If anyone thinks I am being unfair to or overly critical of SAN vendors, do the following test.
Find the biggest table in your database, excluding LOB fields.
Run this:
DBCC DROPCLEANBUFFERS
GO
SET STATISTICS IO ON
SET STATISTICS TIME ON
GO
SELECT COUNT(*) FROM TableA WITH (INDEX(0))
GO

Then compute 8 (KB/page) * (physical reads + read-ahead reads)/(elapsed time in ms)
Is this closer to 700 MB/s or 4GB/s? What did your SAN vendor tell you?

I am also not fan of SSD caching or auto-tiering on critical databases, meaning the database that runs your business, that is managed by one or more full-time DBAs.
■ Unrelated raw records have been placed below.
Lemma nf_surjective a : exists f, a = nf x y f.
Proof.
have [Phi [Phi_x Phi_y _]] := HD.2 _ _ _ lmul_rel.
have lmul_rel' : lmul y * lmul x - lmul x * lmul y = peval g (lmul x).
  by rewrite -!rmorphM -rmorphB HD.1; apply: peval_lrmorph.
have [lrep [_ _ unique]] := HD.2 _ _ _ lmul_rel'.
have Phi_lrep : (forget \o Phi) =1 lrep.
  by apply: unique; rewrite /= ?Phi_x ?Phi_y; apply: endo_ext.
have lmul_lrep : lmul =1 lrep := unique lmul erefl erefl.
have <- : Phi a 1 = a.
  have /(congr1 (fun e : ET => e 1)) := etrans (Phi_lrep a) (esym (lmul_lrep a)).
  by rewrite /= mulr1.
by apply: (endo_stable (Phi a)); exists 1; rewrite nf1.
Qed.

Lemma Ah_ind (P : D -> Prop) :
  P 1 -> P x -> P y -> (forall a b, P a -> P b -> P (a + b)) ->
  (forall (c : F) a, P a -> P (c *: a)) -> (forall a b, P a -> P b -> P (a * b)) ->
  forall a, P a.
Proof.
move=> P1 Px Py PD PZ PM a; have [f ->] := nf_surjective a.
exact: nf_closure.
Qed.

End Spanning.

Section Commutators.
Variables (F : fieldType) (g : {poly F}) (D : algType F) (x y : D).
Hypothesis HD : is_Ah g x y.
Local Notation G := (peval g x).

(* A_g G is contained in G A_g (x commutes with G, and yG = G(y + g'(x))). *)
Lemma mul_G_right d : exists c, d * G = G * c.
Proof.
apply: (Ah_ind HD (P := fun d => exists c, d * G = G * c)) => {d}.
- by exists 1; rewrite mul1r mulr1.
- by exists x; have := peval_comm g 'X x; rewrite pevalX.
- exists (y + peval g^`() x); rewrite (mul_y_peval HD.1) pevalM mulrDr.
  by rewrite [peval g^`() x * _]peval_comm.
- by move=> a b [c1 e1] [c2 e2]; exists (c1 + c2); rewrite mulrDl e1 e2 mulrDr.
- by move=> c a [c1 e1]; exists (c *: c1); rewrite -scalerAl e1 scalerAr.
- by move=> a b [c1 e1] [c2 e2]; exists (c1 * c2); rewrite -mulrA e2 mulrA e1 mulrA.
Qed.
In other applications, there may not be a way to segregate the placement of hot data differently from inactive data. In SQL Server, there are filegroups and partitioning. We have all the necessary means of isolating and placing hot data whereever we want it. SSD caching or auto-tiering will probably require SLC NAND. With active management using database controls, we should be able to use HET MLC or even MLC.

I stress the importance of analyzing the complete system and how it will be used instead of over-focusing on the components. There are criteria that might be of interest when there is only a single device or even single HBA. Today it is possible to over-configure the storage performance without unwarranted expense, and this is best accomplished by watching the big picture.

Adaptec reports that their Series 7 SAS RAID Controller (72405 - PCI-E gen 3 x8 on the upstream side and 6 x4 SAS 6Gpbs) using the PMC PM8015 controller can do 500K IOPS and 6.6GB/s.

I will keep this topic up to date on www.qdpma.com Storage 2013

related posts on storage:
IO Queue Depth Control
IO Queue Depth Strategy
io-queue-depth-strategy (2010-08)
data-log-and-temp-file-placement (2010-03)
io-cost-structure-preparing-for-ssd-arrays (2008-09)
storage-performance-for-sql-server (2008-03)

ps,
If you are using SQL Server 2012 clustering on a SAN, I do suggest placing tempdb on local SSD, making use of the new 2012 feature that does not require tempdb to be on shared storage. Keep in mind on the SAN, writes must be mirrored between two storage processors for fault recovery, and this is not a cheap thing to do. We should plan redo whatever was using tempdb at the time.